As always, I want people to feel immersed. I hope that the setting is evoked in all its stark, cold beauty. I want the reader’s heartrate to increase and their breathing to quicken in those moments of peril. I want them to question what they might do if they found themselves in the same situation as Erik and Sofia. But I hope also that readers discover the story’s deeper layers, because within this tale of survival is a story about a man facing his own mortality and fears, and of a young girl who is trying to find her place in the world. Phil Stevens, who narrated the audiobook, wrote about Where Blood Runs Cold being a ‘heart-rending action adventure that, as well as being a top tier icy thriller, also explores the human condition, spirituality, grief, and the generational complexities of our journey through life.’ I hope other readers feel that too.

Where does your passion for history come from?
I’ve always felt the echoes of other times and places like vibrations in my subconscious. Like half memories, or dreams whose details are lost but whose feelings and emotions yet linger. A well-written historical novel is the closest thing we have to a time machine.

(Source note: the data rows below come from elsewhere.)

Theorem lemmaA3 (R : realType) (d : measure_display) (Omega : measurableType d)
  (P : probability Omega R) (n : nat) (p1 : R)
  (T1 T0 : 'I_n -> R) (Z : 'I_n -> Omega -> bool) (C1 C0 : 'I_n -> Omega -> \bar R)
  (mu : probability (\bar R * \bar R)%type R) :
  0 < p1 < 1 ->
  (forall i, 0 <= T1 i) -> (forall i, 0 <= T0 i) ->
  (forall i w, (0 <= C1 i w)%E) -> (forall i w, (0 <= C0 i w)%E) ->
  (forall i, measurable_fun setT (Z i)) ->
  (forall i, measurable_fun setT (fun w => (C1 i w, C0 i w))) ->
  (* Assumption 1: Z_i i.i.d. Bernoulli(p1) *)
  (forall i, P (Z i @^-1` [set true]) = p1%:E) ->
  (* Assumption 2: the pairs (C_i(1), C_i(0)) are i.i.d. with common law mu *)
  (forall i (B : set (\bar R * \bar R)), measurable B ->
     P ((fun w => (C1 i w, C0 i w)) @^-1` B) = mu B) ->
  (* Assumptions 1-2 (independence): Z_1..Z_n, (C_1(1),C_1(0)),..,(C_n(1),C_n(0))
     are mutually independent *)
  (forall (A : 'I_n -> set bool) (B : 'I_n -> set (\bar R * \bar R)),
     (forall i, measurable (B i)) ->
     P (\bigcap_(i in [set: 'I_n])
          (Z i @^-1` A i `&` (fun w => (C1 i w, C0 i w)) @^-1` B i)) =
     (\prod_(i < n) P (Z i @^-1` A i) *
      \prod_(i < n) P ((fun w => (C1 i w, C0 i w)) @^-1` B i))%E) ->
  (* null hypothesis *)
  (forall i, T1 i = T0 i) ->
  forall k : 'I_(nK T0),
  let t := tk T0 k in
  let G1 := fine (mu [set x | (t%:E <= x.1)%E]) in
  let G0 := fine (mu [set x | (t%:E <= x.2)%E]) in
  let phi := p1 * G1 / (p1 * G1 + (1 - p1) * G0) in
  forall a b m : nat,
  P [set w | [/\ Dnum T1 T0 Z C1 C0 t w = a, N1 T1 T0 Z C1 C0 t w = b
                & Nall T1 T0 Z C1 C0 t w = m]] =
  (P [set w | Nall T1 T0 Z C1 C0 t w = m] *
   (hgeom_pmf (nk T0 k) (dk T0 k) m a * binomial_pmf m phi b)%:E)%E.
Proof.
move=> p1_bounds _ _ _ _ mZ mC PZ PC indep null k t G1 G0 phi a b m.
have p1_01 : 0 <= p1 <= 1 by case/andP: p1_bounds => /ltW-> /ltW->.
set Rs := [set i | t <= T0 i]%SET; set A := [set i | T0 i == t]%SET.
have ARs : A \subset Rs by apply/fintype.subsetP => i; rewrite !inE => /eqP->.
rewrite counts_event_at_risk // Nall_event_at_risk //.
rewrite (prob_at_risk t mZ mC PZ PC indep _ (counts_eq A a b m)).
rewrite (prob_at_risk t mZ mC PZ PC indep _ (fun SY => #|SY.1| == m)) -EFinM.
have -> : nk T0 k = #|Rs| by apply: eq_card => i; rewrite in_set_boolE inE.
have -> : dk T0 k = #|A| by apply: eq_card => i; rewrite in_set_boolE inE.
by congr (_%:E); apply: sum_chain_weight_counts => //; exact: unit_weight_ge0.
Qed.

When I read a Christian Cameron or Mary Renault novel, I’m in Ancient Greece. When I first read Bernard Cornwell’s The Winter King, some twenty-six years ago now, I was in Dark Age Britain. As Queen once said, It’s a kind of magic.

What are you reading at the moment?
I’ve just started an advance copy of Target Zero, the new thriller by Anthony Riches and the sequel to Nemesis. Riches made his reputation with his gritty, long-running Empire series of novels telling of the exploits of Roman soldier Marcus Valerius. But his new hero is Met close protection officer Mickey Bale, who has a penchant for revenge and the skills to take it. In Target Zero, Bale takes a job protecting a powerful Russian Oligarch who is suspected by MI5 of being involved in the killing of a police firearms team. Blackmailed by the Met into being a double agent, the clock is ticking, and Bale must locate more Russian warheads, or thousands will die. As Bale is drawn ever deeper into conspiracy and danger, Anthony Riches is emerging as a thriller writer par excellence.

When you sit down to start work on a novel, what’s the first thing you do?
Every time is slightly different. For Lancelot, I wrote an in-depth chapter plan covering the whole book. For Arthur, my current WIP, there is no plan as such, just a few lines on themes and events. For Where Blood Runs Cold, I wrote a 3000-word outline which served as my pitch to my publisher. There was no point writing a more detailed plan as that would have been the book itself. I must say I detest planning the stories out beforehand. To me it feels like homework. A real chore. I’ll admit though, it does make the writing easier in the long run when you can refer to a detailed outline. However, once you start writing, the story will veer off the path anyway, which is the way it should be.

Finally, how would you sum up Where Blood Runs Cold in three words?
Intense Scandi thriller.

Thanks so much for joining me for this fascinating interview! Where Blood Runs Cold is out now in hardback, ebook and audiobook formats.